[[ Record set open ]]
(* Let $V\subseteq\mathbb{R}^n$ be convex, $F\colon V\to\mathbb{R}^n$ globally Lipschitz, and $\tilde F\colon V^N\to\mathbb{R}^{nN}$, $\tilde F(u)=(F(u_1)^T,\dots,F(u_N)^T)^T$. For $1\le p\le\infty$ and a positive diagonal $Q$, $M^+_{p,Q}[\tilde F]\le M_{p,Q}[F]$.
   Context: On $\mathbb{R}^{nN}$, $\|u\|_{p,Q}=\big\|(\|Qu_1\|_p,\dots,\|Qu_N\|_p)^T\big\|_p$ and $M^+_{p,Q}[\tilde F]=\sup_{u\neq v\in V^N}\lim_{h\to0^+}\frac1h\left(\frac{\|u-v+h(\tilde F(u)-\tilde F(v))\|_{p,Q}}{\|u-v\|_{p,Q}}-1\right)$. On $\mathbb{R}^n$, $\|x\|_{p,Q}=\|Qx\|_p$ and $M_{p,Q}[F]=\lim_{h\to0^+}\sup_{x\neq y\in V}\frac1h\left(\frac{\|x-y+h(F(x)-F(y))\|_{p,Q}}{\|x-y\|_{p,Q}}-1\right)$. *)

From HB Require Import structures.
From mathcomp Require Import all_boot all_order all_algebra.
From mathcomp Require Import all_classical all_reals all_analysis.
Set Implicit Arguments. Unset Strict Implicit. Unset Printing Implicit Defensive.
Import Order.TTheory GRing.Theory Num.Theory.
Import numFieldNormedType.Exports.
Local Open Scope classical_set_scope.
Local Open Scope ring_scope.

Definition pnorm {R : realType} (p : \bar R) (k : nat) (x : 'I_k -> R) : R :=
  match p with
  | r%:E => (\sum_(i < k) `|x i| `^ r) `^ r^-1
  | +oo%E => \big[Num.max/0]_(i < k) `|x i|
  | -oo%E => 0
  end.

Definition wnorm {R : realType} (p : \bar R) (n : nat) (Q : 'M[R]_n)
  (x : 'cV[R]_n) : R :=
  pnorm p (fun i => (Q *m x) i 0).

(* R^{nN} is represented by n x N matrices: the i-th block u_i is column i.
   ||u||_{p,Q} = || (||Q u_1||_p, ..., ||Q u_N||_p)^T ||_p. *)
Definition bnorm {R : realType} (p : \bar R) (n N : nat) (Q : 'M[R]_n)
  (u : 'M[R]_(n, N)) : R :=
  pnorm p (fun i : 'I_N => wnorm p Q (col i u)).

Definition Ftilde {R : realType} (n N : nat) (F : 'cV[R]_n -> 'cV[R]_n)
  (u : 'M[R]_(n, N)) : 'M[R]_(n, N) :=
  \matrix_(j < n, i < N) F (col i u) j 0.

Definition Mlog {R : realType} (p : \bar R) (n : nat) (Q : 'M[R]_n)
  (V : set 'cV[R]_n) (F : 'cV[R]_n -> 'cV[R]_n) : \bar R :=
  lim ((fun h : R =>
          ereal_sup [set e | exists x y, [/\ V x, V y, x <> y &
            e = (h^-1 * (wnorm p Q (x - y + h *: (F x - F y)) / wnorm p Q (x - y)
                          - 1))%:E]]) @ 0^'+).

Definition Mplus {R : realType} (p : \bar R) (n N : nat) (Q : 'M[R]_n)
  (V : set 'cV[R]_n) (F : 'cV[R]_n -> 'cV[R]_n) : \bar R :=
  ereal_sup [set e | exists u v : 'M[R]_(n, N),
    [/\ (forall i, V (col i u)), (forall i, V (col i v)), u <> v &
     e = lim ((fun h : R =>
       (h^-1 * (bnorm p Q (u - v + h *: (Ftilde F u - Ftilde F v)) / bnorm p Q (u - v)
                 - 1))%:E) @ 0^'+)]].

Definition convex_subset {R : realType} (n : nat) (V : set 'cV[R]_n) : Prop :=
  forall x y (t : R), V x -> V y -> 0 <= t <= 1 -> V (t *: x + (1 - t) *: y).

(* globally Lipschitz on V (w.r.t. the max norm; all norms on R^n are equivalent) *)
Definition glob_lipschitz_on {R : realType} (n : nat) (V : set 'cV[R]_n)
  (F : 'cV[R]_n -> 'cV[R]_n) : Prop :=
  exists L : R, forall x y, V x -> V y -> `|F x - F y| <= L * `|x - y|.

From HB Require Import structures.
From mathcomp Require Import all_boot all_order all_algebra.
From mathcomp Require Import all_classical all_reals all_analysis.
From mathcomp Require Import ring lra.
Import Order.TTheory GRing.Theory Num.Theory.
Local Open Scope classical_set_scope.
Local Open Scope ring_scope.

(* For a sublinear g, the difference quotient
   h |-> (g (a + h b) / g a - 1) / h is nondecreasing on (0, +oo) by convexity
   of g, so both sides of the inequality are limits of monotone functions.
   For fixed h > 0, if s bounds the quotient of every pair x <> y of V, then
   each block satisfies
   ||u_i - v_i + h (F u_i - F v_i)||_{p,Q} <= (1 + h s) ||u_i - v_i||_{p,Q},
   and the outer p-norm, being monotone and positively homogeneous, carries this
   bound over to the stacked vector; let h -> 0+. *)

Section pnorm.
Context {R : realType}.

(* Padding by zeros turns a finite vector into a sequence, so that Minkowski's
   inequality for the counting measure applies. *)
Definition zero_ext {k : nat} (x : 'I_k -> R) (m : nat) : R := oapp x 0 (insub m).

Lemma Lnorm_counting_zero_ext (r : R) k (x : 'I_k -> R) : 0 < r ->
  Lnorm (@counting _ R) r%:E (EFin \o zero_ext x) =
  ((\sum_(i < k) `|x i| `^ r) `^ r^-1)%:E.
Proof.
move=> r0; rewrite Lnorm_counting//.
rewrite (nneseries_split 0 k); last by move=> m _; rewrite poweR_ge0.
rewrite add0n eseries0 ?adde0; last first.
  move=> m km _ /=; rewrite /zero_ext insubN ?normr0 ?powR0 ?gt_eqF//.
  by rewrite -leqNgt.
rewrite big_mkord (eq_bigr (fun i : 'I_k => (`|x i| `^ r)%:E)); last first.
  move=> i _; rewrite /= /zero_ext insubT //= => ?.
  by congr (`| x _ | `^ r)%:E; apply: val_inj.
by rewrite sumEFin poweR_EFin.
Qed.

Lemma minkowski_sum (r : R) k (x y : 'I_k -> R) : 1 <= r ->
  (\sum_(i < k) `|x i + y i| `^ r) `^ r^-1 <=
  (\sum_(i < k) `|x i| `^ r) `^ r^-1 + (\sum_(i < k) `|y i| `^ r) `^ r^-1.
Proof.
move=> r1; have r0 : 0 < r by apply: lt_le_trans r1.
have mx : measurable_fun setT (zero_ext x) by [].
have my : measurable_fun setT (zero_ext y) by [].
have := minkowski_EFin (@counting _ R) mx my r1.
have -> : (zero_ext x \+ zero_ext y)%R = zero_ext (fun i => x i + y i).
  apply/funext => m; rewrite /zero_ext /=; case: insubP => [i _ _|_] //=.
  by rewrite addr0.
by rewrite !Lnorm_counting_zero_ext// -EFinD lee_fin.
Qed.

Context {p : \bar R} (p1 : (1 <= p)%E).

Lemma pnorm_ge0 {k : nat} (x : 'I_k -> R) : 0 <= pnorm p x.
Proof.
case: p p1 => [r||] //= _; first exact: powR_ge0.
by elim/big_ind: _ => // a b a0 b0; rewrite le_max a0.
Qed.

Lemma le_pnorm {k : nat} (x y : 'I_k -> R) :
  (forall i, `|x i| <= `|y i|) -> pnorm p x <= pnorm p y.
Proof.
case: p p1 => [r||] //=; rewrite ?lee_fin => r1 xy.
- have r0 : 0 < r by apply: lt_le_trans r1.
  apply: ge0_ler_powR; first by rewrite invr_ge0 ltW.
  - by rewrite nnegrE; apply: sumr_ge0 => *; exact: powR_ge0.
  - by rewrite nnegrE; apply: sumr_ge0 => *; exact: powR_ge0.
  apply: ler_sum => i _; apply: ge0_ler_powR; rewrite ?nnegrE//; exact: ltW.
- elim/big_ind2: _ => // a b c d ab cd.
  rewrite ge_max !le_max ab cd orbT /=.
  by case: (leP b d) => bd; rewrite ?orbT //= (le_trans cd) ?ltW.
Qed.

Lemma ler_pnormD {k : nat} (x y : 'I_k -> R) :
  pnorm p (fun i => x i + y i) <= pnorm p x + pnorm p y.
Proof.
have := pnorm_ge0 x; have := pnorm_ge0 y.
case: p p1 => [r||] //=; rewrite ?lee_fin => r1 y0 x0.
- exact: minkowski_sum.
- apply: bigmax_le; first exact: addr_ge0.
  move=> i _; apply: le_trans (ler_normD _ _) _.
  by apply: lerD; apply: le_bigmax.
Qed.

Lemma ler_pnormZ {k : nat} (c : R) (x : 'I_k -> R) : 0 <= c ->
  pnorm p (fun i => c * x i) <= c * pnorm p x.
Proof.
have := pnorm_ge0 x.
case: p p1 => [r||] //=; rewrite ?lee_fin => r1 x0 c0.
- have r0 : 0 < r by apply: lt_le_trans r1.
  under eq_bigr do rewrite normrM powRM// ger0_norm//.
  rewrite -mulr_sumr powRM ?powR_ge0 ?sumr_ge0// => *; rewrite ?powR_ge0//.
  by rewrite -powRrM mulfV ?gt_eqF// powRr1.
- apply: bigmax_le; first exact: mulr_ge0.
  move=> i _; rewrite normrM ger0_norm//; apply: ler_wpM2l => //.
  exact: le_bigmax.
Qed.

Lemma pnorm_eq0 {k : nat} (x : 'I_k -> R) : pnorm p x = 0 -> forall i, x i = 0.
Proof.
case: p p1 => [r||] //=; rewrite ?lee_fin => r1.
- have r0 : 0 < r by apply: lt_le_trans r1.
  move=> /powR_eq0_eq0 /eqP; rewrite psumr_eq0 => [/allP x0 i|i _]; last first.
    exact: powR_ge0.
  have := x0 i (mem_index_enum _); rewrite implyTb => /eqP/powR_eq0_eq0/eqP.
  by rewrite normr_eq0 => /eqP.
- move=> x0 i; apply/eqP; rewrite -normr_eq0 eq_le normr_ge0 andbT -x0.
  exact: le_bigmax.
Qed.

End pnorm.

Section difference_quotient.
Context {R : realType} {V : lmodType R} (g : V -> R).

Definition diff_quot (a b : V) (h : R) : R := h^-1 * (g (a + h *: b) / g a - 1).

Lemma diff_quot_le a b h s : 0 < h -> 0 < g a ->
  (diff_quot a b h <= s) = (g (a + h *: b) <= (1 + h * s) * g a).
Proof.
move=> h0 ga0; rewrite /diff_quot.
have -> : h^-1 * (g (a + h *: b) / g a - 1) = (g (a + h *: b) - g a) / (h * g a).
  by field; rewrite !gt_eqF.
rewrite ler_pdivrMr ?mulr_gt0//.
by apply/idP/idP => ?; lra.
Qed.

Hypotheses (gD : forall u w, g (u + w) <= g u + g w)
  (gZ : forall (c : R) u, 0 <= c -> g (c *: u) <= c * g u).

Lemma diff_quot_nondecreasing a b h1 h2 : 0 < g a -> 0 < h1 -> h1 <= h2 ->
  diff_quot a b h1 <= diff_quot a b h2.
Proof.
move=> ga0 h10 h12; have h20 : 0 < h2 by apply: lt_le_trans h12.
set t := h1 / h2.
have t0 : 0 <= t by rewrite divr_ge0 ?ltW.
have t1 : 0 <= 1 - t by rewrite subr_ge0 ler_pdivrMr// mul1r.
have convex_comb : a + h1 *: b = (1 - t) *: a + t *: (a + h2 *: b).
  by rewrite scalerDr scalerA /t mulfVK ?gt_eqF// addrA -scalerDl subrK scale1r.
have g_convex : g (a + h1 *: b) <= (1 - t) * g a + t * g (a + h2 *: b).
  by rewrite convex_comb; apply: le_trans (gD _ _) _; apply: lerD; exact: gZ.
rewrite /diff_quot -subr_ge0.
have -> : h2^-1 * (g (a + h2 *: b) / g a - 1) - h1^-1 * (g (a + h1 *: b) / g a - 1)
    = (t * (g (a + h2 *: b) - g a) - (g (a + h1 *: b) - g a)) / (h1 * g a).
  by rewrite /t; field; rewrite !gt_eqF.
by apply: divr_ge0; [rewrite subr_ge0; lra | rewrite ltW ?mulr_gt0].
Qed.

End difference_quotient.

Lemma nondecreasing_pos_cvg {R : realType} (f : R -> \bar R) :
  (forall h1 h2, 0 < h1 -> h1 <= h2 -> (f h1 <= f h2)%E) -> cvg (f @ 0^'+).
Proof.
move=> ndf; apply: nondecreasing_at_right_is_cvge; apply: nearW => x.
by move=> h1 h2; rewrite !in_itv /= => /andP[h10 _] _; exact: ndf.
Qed.

Lemma diff_quot_cvg {R : realType} {V : lmodType R} {g : V -> R} {a : V} (b : V) :
  0 < g a -> (forall u w, g (u + w) <= g u + g w) ->
  (forall (c : R) u, 0 <= c -> g (c *: u) <= c * g u) ->
  cvg ((fun h => (diff_quot g a b h)%:E) @ 0^'+).
Proof.
move=> ga0 gD gZ; apply: nondecreasing_pos_cvg => h1 h2 h10 h12.
by rewrite lee_fin; exact: diff_quot_nondecreasing.
Qed.

Section weighted_norms.
Context {R : realType} {p : \bar R} {n : nat} {Q : 'M[R]_n}.
Hypotheses (p1 : (1 <= p)%E) (Qdiag : is_diag_mx Q) (Qpos : forall i, 0 < Q i i).

Lemma wnorm_ge0 x : 0 <= wnorm p Q x.
Proof. exact: pnorm_ge0. Qed.

Lemma ler_wnormD x y : wnorm p Q (x + y) <= wnorm p Q x + wnorm p Q y.
Proof.
rewrite /wnorm; under eq_fun do rewrite mulmxDr mxE.
exact: ler_pnormD.
Qed.

Lemma ler_wnormZ (c : R) x : 0 <= c -> wnorm p Q (c *: x) <= c * wnorm p Q x.
Proof.
move=> c0; rewrite /wnorm; under eq_fun do rewrite -scalemxAr mxE.
exact: ler_pnormZ.
Qed.

Lemma wnorm0 : wnorm p Q 0 = 0.
Proof.
apply/le_anti; rewrite wnorm_ge0 andbT.
by have := ler_wnormZ 0 0 (lexx 0); rewrite scaler0 mul0r.
Qed.

Lemma wnorm_eq0 x : wnorm p Q x = 0 -> x = 0.
Proof.
move=> /(pnorm_eq0 p1) Qx0; apply/matrixP => i j; rewrite ord1 mxE.
move: (Qx0 i); case/diag_mxP: Qdiag => d Qd.
move: (Qpos i); rewrite Qd mul_diag_mx !mxE eqxx mulr1n => d0 /eqP.
by rewrite mulf_eq0 (gt_eqF d0) => /eqP.
Qed.

Lemma wnorm_gt0 x : x != 0 -> 0 < wnorm p Q x.
Proof.
by move=> x0; rewrite lt_def wnorm_ge0 andbT; apply: contra_neq x0; exact: wnorm_eq0.
Qed.

Lemma bnorm_ge0 N (u : 'M[R]_(n, N)) : 0 <= bnorm p Q u.
Proof. exact: pnorm_ge0. Qed.

Lemma bnorm_le_cols N (c : R) (u w : 'M[R]_(n, N)) : 0 <= c ->
  (forall i, wnorm p Q (col i w) <= c * wnorm p Q (col i u)) ->
  bnorm p Q w <= c * bnorm p Q u.
Proof.
move=> c0 wu; apply: le_trans (ler_pnormZ p1 _ _ c0); apply: le_pnorm => // i.
by rewrite !ger0_norm ?mulr_ge0 ?wnorm_ge0.
Qed.

Lemma ler_bnormD N (u w : 'M[R]_(n, N)) :
  bnorm p Q (u + w) <= bnorm p Q u + bnorm p Q w.
Proof.
apply: le_trans (ler_pnormD p1 _ _); apply: le_pnorm => // i.
by rewrite !ger0_norm ?addr_ge0 ?wnorm_ge0// linearD; exact: ler_wnormD.
Qed.

Lemma ler_bnormZ N (c : R) (u : 'M[R]_(n, N)) : 0 <= c ->
  bnorm p Q (c *: u) <= c * bnorm p Q u.
Proof.
by move=> c0; apply: bnorm_le_cols => // i; rewrite linearZ; exact: ler_wnormZ.
Qed.

Lemma bnorm_gt0 N (u : 'M[R]_(n, N)) : u != 0 -> 0 < bnorm p Q u.
Proof.
move=> u0; rewrite lt_def bnorm_ge0 andbT; apply: contra_neq u0.
move=> /(pnorm_eq0 p1) ucol0; apply/matrixP => j i.
by have /wnorm_eq0/matrixP/(_ j 0) := ucol0 i; rewrite !mxE.
Qed.

End weighted_norms.

Lemma exists_col_neq {R : eqType} {m N : nat} {u v : 'M[R]_(m, N)} :
  u != v -> exists i, col i u != col i v.
Proof.
move=> uv; apply/existsP; apply: contraNT uv; rewrite negb_exists => /forallP uv.
by apply/eqP/matrixP => j i; have /negbNE/eqP/matrixP/(_ j 0) := uv i; rewrite !mxE.
Qed.

Lemma col_Ftilde_step {R : realType} n N (F : 'cV[R]_n -> 'cV[R]_n)
    (u v : 'M[R]_(n, N)) (h : R) i :
  col i (u - v + h *: (Ftilde F u - Ftilde F v)) =
  col i u - col i v + h *: (F (col i u) - F (col i v)).
Proof. by apply/matrixP => j k; rewrite !mxE ord1. Qed.

Definition Mlog_quot {R : realType} (p : \bar R) {n : nat} (Q : 'M[R]_n)
    (V : set 'cV[R]_n) (F : 'cV[R]_n -> 'cV[R]_n) (h : R) : \bar R :=
  ereal_sup [set e | exists x y, [/\ V x, V y, x <> y &
    e = (diff_quot (wnorm p Q) (x - y) (F x - F y) h)%:E]].

Section logarithmic_norms.
Context {R : realType} (p : \bar R) (n : nat) (Q : 'M[R]_n).
Context (V : set 'cV[R]_n) (F : 'cV[R]_n -> 'cV[R]_n).
Hypotheses (p1 : (1 <= p)%E) (Qdiag : is_diag_mx Q) (Qpos : forall i, 0 < Q i i).

Lemma Mlog_quot_ub {x y} h : V x -> V y -> x <> y ->
  ((diff_quot (wnorm p Q) (x - y) (F x - F y) h)%:E <= Mlog_quot p Q V F h)%E.
Proof. by move=> Vx Vy xy; apply: ereal_sup_ubound; exists x, y. Qed.

Lemma cvg_Mlog_quot : cvg (Mlog_quot p Q V F @ 0^'+).
Proof.
apply: nondecreasing_pos_cvg => h1 h2 h10 h12.
apply: ge_ereal_sup => _ [x [y [Vx Vy xy ->]]].
apply: le_trans _ (Mlog_quot_ub h2 Vx Vy xy); rewrite lee_fin.
apply: diff_quot_nondecreasing => //; [exact: ler_wnormD | exact: ler_wnormZ |].
by apply: wnorm_gt0 => //; rewrite subr_eq0; apply/eqP.
Qed.

Lemma block_quot_le_Mlog_quot N (u v : 'M[R]_(n, N)) h : 0 < h ->
  (forall i, V (col i u)) -> (forall i, V (col i v)) -> u != v ->
  ((diff_quot (bnorm p Q) (u - v) (Ftilde F u - Ftilde F v) h)%:E
     <= Mlog_quot p Q V F h)%E.
Proof.
move=> h0 Vu Vv uv; have [i0 ui0] := exists_col_neq uv.
have col_gt0 i : col i u != col i v -> 0 < wnorm p Q (col i (u - v)).
  by move=> ui; rewrite linearB; apply: wnorm_gt0; rewrite // subr_eq0.
have quot_ub i : col i u != col i v ->
    ((diff_quot (wnorm p Q) (col i u - col i v) (F (col i u) - F (col i v)) h)%:E
      <= Mlog_quot p Q V F h)%E.
  by move=> /eqP; exact: Mlog_quot_ub.
case: (Mlog_quot p Q V F h) quot_ub => [s||] quot_ub; last 2 first.
- by rewrite leey.
- by have := quot_ub i0 ui0; rewrite leeNy_eq.
have col_le i : wnorm p Q (col i (u - v + h *: (Ftilde F u - Ftilde F v)))
    <= (1 + h * s) * wnorm p Q (col i (u - v)).
  rewrite col_Ftilde_step [col i (u - v)]linearB /=.
  have [->|ui] := eqVneq (col i u) (col i v).
    by rewrite !subrr scaler0 addr0 wnorm0 ?mulr0.
  have := quot_ub i ui; rewrite lee_fin diff_quot_le //.
  by have := col_gt0 i ui; rewrite linearB.
have c0 : 0 <= 1 + h * s.
  rewrite -(pmulr_lge0 _ (col_gt0 _ ui0)); apply: le_trans _ (col_le i0).
  exact: wnorm_ge0.
have uv0 : 0 < bnorm p Q (u - v) by apply: bnorm_gt0; rewrite // subr_eq0.
by rewrite lee_fin diff_quot_le //; exact: bnorm_le_cols.
Qed.

End logarithmic_norms.

Theorem lemma11 (R : realType) (n N : nat) (V : set 'cV[R]_n)
  (F : 'cV[R]_n -> 'cV[R]_n) (p : \bar R) (Q : 'M[R]_n) :
  convex_subset V -> glob_lipschitz_on V F ->
  (1 <= p)%E ->
  is_diag_mx Q -> (forall i, 0 < Q i i) ->
  (@Mplus R p n N Q V F <= Mlog p Q V F)%E.
Proof.
move=> _ _ p1 Qdiag Qpos.
apply: ge_ereal_sup => _ [u [v [Vu Vv /eqP uv ->]]].
have uv0 : 0 < bnorm p Q (u - v) by apply: bnorm_gt0; rewrite // subr_eq0.
change (Mlog p Q V F) with (lim (Mlog_quot p Q V F @ 0^'+)).
apply: (@lee_lim R^o (0^'+) _ R).
- apply: (diff_quot_cvg _ uv0); [exact: ler_bnormD | exact: ler_bnormZ].
- exact: cvg_Mlog_quot.
- by near=> h; apply: block_quot_le_Mlog_quot.
Unshelve. all: by end_near.
Qed.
[[ Record set closed ]]
Starting with the line with "have g_convex : g" above and going on through the line with "have -> : h2^-1", transcribe every line exactly, both ends included, and add nothing.

have g_convex : g (a + h1 *: b) <= (1 - t) * g a + t * g (a + h2 *: b).
  by rewrite convex_comb; apply: le_trans (gD _ _) _; apply: lerD; exact: gZ.
rewrite /diff_quot -subr_ge0.
have -> : h2^-1 * (g (a + h2 *: b) / g a - 1) - h1^-1 * (g (a + h1 *: b) / g a - 1)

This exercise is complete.